Ma non si commetta l'errore, sulla scorta di quanto detto finora, di bollare questo film di misoginia perché se la domanda può apparire ironica in maniera un po' facilona, la risposta non è poi così banale. Ad uscirne peggio, infatti, sono proprio gli uomini, così inetti, succubi e disposti a tutto pur di recuperare anche solo un brandello della mascolinità di cui si sentono defraudati e tristemente pronti a sottovalutare anche una situazione di evidente pericolo di fronte all'ipotesi remota di una notte di sesso con una conturbante strega sexy.
La verità è che, come in tutte le opere dell'autore di El dia de la bestia, anche in questo Le streghe sono tornate (traduzione più che pessima, molto meglio in questo senso l'inglese Witching & Bitching) non si salva nessuno, forse giusto l'innocenza di un bambino che, ben presto, diventa lo specchio deformante di tutta l'inadeguatezza del mondo cosiddetto adulto. Il miracolo è come De La Iglesia riesca a veicolare tali concetti senza mai perdere di vista lo spettacolo, vero motore scatenante di tutta l'opera e del suo modo di fare film in generale, costruendo una scatenata orgia di sussulti e risate che non accenna al minimo calo di tensione per tutta la sua durata.
Si ride molto durante il film, soprattutto della continua giustapposizione tra piano della realtà e della fantasia, e anche le derive più macabre e sanguinose non vengono mai gestite in modo grandguignolesco, ma amplificate a dismisura così da ricordare più un folle cartoon per adulti che non un film live action.
Della perizia tecnica di Álex De La Iglesia si è detto tanto e ormai da anni non c'è nulla più da stupirsi, ma quello che maggiormente affascina ne Le streghe son tornate è l'apparente facilità con cui l'autore sembra destreggiarsi tra i generi (che sia commedia, horror o azione) dosandoli sempre con estremo equilibrio, senza mai prediligerne uno in particolare, così da non correre il rischio di apparire parodico verso nessuno di questi.
E' di certo una dote riscontrabile in molto cinema iberico (basti pensare a come Almodovar ha saputo giocare coi generi in film come Kika o Tacchi a spillo) ma è come se in De La Iglesia tutto venisse portato all'eccesso fino a raggiungere un livello superiore.
Anche quando siamo certi di aver visto tutto, lui ci stupisce con un finale catartico e dissacratorio di rara potenza visiva.

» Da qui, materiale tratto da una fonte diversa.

(* Let $p_0$ be a uniformly continuous density on $\mathbb{R}$, and let $z_{\min} := \inf\{z:p_0(z)>0\}$ and $z_{\max} := \sup\{z:p_0(z)>0\}$. Then (a) $\lim_{z\to-\infty}\psi_0^*(z)<\infty$ if and only if $\limsup_{z\searrow z_{\min}}h_0(z)<\infty$, in which case $z_{\min} = -\infty$; (b) $\lim_{z\to\infty}\psi_0^*(z)>-\infty$ if and only if $\limsup_{z\nearrow z_{\max}}h_0(z)<\infty$, in which case $z_{\max} = \infty$.
   Context: Convention $0/0:=0$. $F_0$ is the distribution function of $p_0$, $F_0^{-1}(u) := \inf\{z\in[-\infty,\infty]:F_0(z)\ge u\}$, $J_0 := p_0\circ F_0^{-1}$ on $[0,1]$, $\hat J_0$ its least concave majorant on $[0,1]$, and $\psi_0^* := \hat J_0^{(\mathrm{R})}\circ F_0\colon\mathbb{R}\to[-\infty,\infty]$ (right derivative; value at $1$ defined as the left limit). The two-sided hazard function is $h_0(z) := p_0(z)/\bigl(F_0(z)\wedge(1 - F_0(z))\bigr)$, so that $h_0(z) = 0$ whenever $F_0(z)\in\{0,1\}$. *)

From HB Require Import structures.
From mathcomp Require Import all_boot all_order all_algebra.
From mathcomp Require Import all_classical all_reals all_analysis.
Set Implicit Arguments. Unset Strict Implicit. Unset Printing Implicit Defensive.
Import Order.TTheory GRing.Theory Num.Theory.
Import numFieldNormedType.Exports.
Local Open Scope classical_set_scope.
Local Open Scope ring_scope.

Section Defs.
Variable R : realType.
Local Notation mu := (@lebesgue_measure R).

Definition is_density (p : R -> R) : Prop :=
  (forall x, 0 <= p x) /\ measurable_fun setT p /\
  (\int[mu]_x (p x)%:E = 1)%E.

Definition unif_cont (p : R -> R) : Prop :=
  forall e : R, 0 < e -> exists2 d : R, 0 < d &
    forall x y : R, `|x - y| < d -> `|p x - p y| < e.

Definition distF (p : R -> R) (z : R) : R :=
  fine (\int[mu]_(x in [set x | (x <= z)%R]) (p x)%:E)%E.

Definition distF_ext (p : R -> R) (z : \bar R) : R :=
  match z with
  | r%:E => distF p r
  | -oo%E => 0
  | +oo%E => 1
  end.
(* Let $f(z)=\sum_{k\ge0}a_kz^k$ be an entire transcendental function, let $a_{n_0}$ be its first nonzero coefficient, let $M(r)=\max_{\theta}|f(re^{i\theta})|$, and for $n>n_0$ let $r_\diamond(n)=\operatorname{argmin}_{r>0}r^{-n}M(r)$ (the unique minimizer). Then $r_\diamond(n)\le r_\diamond(n+1)$ for $n>n_0$, and $\lim_{n\to\infty}r_\diamond(n)=\infty$. *)

From Stdlib Require Import Reals.
From Coquelicot Require Import Coquelicot.
Open Scope R_scope.

(* The power series f(z) = sum_k a_k z^k (value of the series), computed
   componentwise (real and imaginary parts), since Coquelicot's [Series]
   is real-valued; this is the complex sum whenever the series converges. *)
Definition pser (a : nat -> C) (z : C) : C :=
  (Series (fun k => fst (Cmult (a k) (Cpow z k))),
   Series (fun k => snd (Cmult (a k) (Cpow z k)))).

Definition entire_coeffs (a : nat -> C) : Prop :=
  forall z : C, @ex_series C_AbsRing C_NormedModule (fun k => Cmult (a k) (Cpow z k)).

Definition transcendental_coeffs (a : nat -> C) : Prop :=
  forall N : nat, exists k : nat, (N <= k)%nat /\ a k <> 0%C.

Definition first_nonzero (a : nat -> C) (n0 : nat) : Prop :=
  a n0 <> 0%C /\ forall k : nat, (k < n0)%nat -> a k = 0%C.

(* M(r) = max_theta |f(r e^{i theta})|  (taken as the supremum, which is attained). *)
Definition maxmod (a : nat -> C) (r : R) : R :=
  real (Lub_Rbar (fun y : R => exists theta : R,
          y = Cmod (pser a (r * cos theta, r * sin theta)))).

Definition is_rdiamond (a : nat -> C) (n : nat) (r : R) : Prop :=
  0 < r /\ forall s : R, 0 < s -> maxmod a r / r ^ n <= maxmod a s / s ^ n.

From Stdlib Require Import Reals Lra Lia Classical Arith.
From Coquelicot Require Import Coquelicot.
Open Scope R_scope.

(* Write [g_n(r) = M(r) / r^n].  Cauchy's estimates [|a_k| r^k <= M(r)], obtained by averaging
   [f] over roots of unity, make [g_n] blow up at [0] (through [a_n0]) and at infinity (through
   some [a_k], [k > n]), so the continuous [g_n] attains its minimum.  Comparing the minimality
   of [r_n] for [g_n] with that of [r_(n+1)] for [g_(n+1)] gives [r_n <= r_(n+1)], and the bound
   [|a_n0| 2^n s^n0 <= M(2 s)] for [r_n <= s] forbids the [r_n] to stay bounded.

   Two minimizers [r1 < r2] would give an interior maximum [r0] of [g_n] on [[r1, r2]].  Taking
   [|z0| = r0] with [|f(z0)| = M(r0)] and [c = f(z0) / z0^n], one gets [|f(z)| <= |c| |z|^n] on
   the annulus [r1 <= |z| <= r2].  If [f - c z^n] had a zero of finite order at [z0], moving in
   a suitable direction from [z0] would make [|f|] exceed [|c| |z|^n]; so the zero has infinite
   order, which Cauchy's estimates for the successive quotients by [z - z0] rule out, since
   [f - c z^n] is not identically zero. *)

Definition coef_bound (a : nat -> C) (rho B : R) : Prop :=
  forall k, Cmod (a k) * rho ^ k <= B.

Definition coefs_bounded (a : nat -> C) : Prop :=
  forall rho, 0 <= rho -> exists B, coef_bound a rho B.

Lemma coef_bound_nonneg a rho B : coef_bound a rho B -> 0 <= B.
Proof.
  intros H. specialize (H O). simpl in H. generalize (Cmod_ge_0 (a O)). lra.
Qed.

Lemma bounded_of_eventually_le (u : nat -> R) (N : nat) (c : R) :
  (forall k, (N <= k)%nat -> u k <= c) -> exists B, forall k, u k <= B.
Proof.
  revert u; induction N as [|N IH]; intros u H.
  - exists c. intros k. apply H. lia.
  - destruct (IH (fun k => if Nat.eq_dec k N then c else u k)) as [B HB].
    { intros k Hk. destruct (Nat.eq_dec k N); [lra|]. apply H. lia. }
    exists (Rmax B (u N)). intros k. destruct (Nat.eq_dec k N) as [->|Hk].
    + apply Rmax_r.
    + specialize (HB k). destruct (Nat.eq_dec k N); [congruence|].
      eapply Rle_trans; [apply HB | apply Rmax_l].
Qed.

Lemma Cmod_RtoC_pow (rho : R) k : 0 <= rho -> Cmod (Cpow (RtoC rho) k) = rho ^ k.
Proof. intros H. rewrite Cmod_pow, Cmod_R, Rabs_pos_eq; auto. Qed.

L'impressione è quella di un autore che non ha la minima idea di cosa siano i limiti e che qualsiasi idea gli venga in mente, anche la più assurda ed esagerata, tenda poi a fare di tutto per metterla in pratica.
Ecco allora che Le streghe son tornate finisce per assomigliare molto a una di quelle speziatissime pietanze spagnole piene di ogni ben di dio che tanto fanno inorridire i salutisti più ortodossi.
Caldamente consigliato a chiunque quindi.
Tranne forse agli spettatori più salutisti.

La frase:
"Le donne non pensano mai quello che sembra che pensino. Non so a che cosa, ma pensano a un'altra cosa".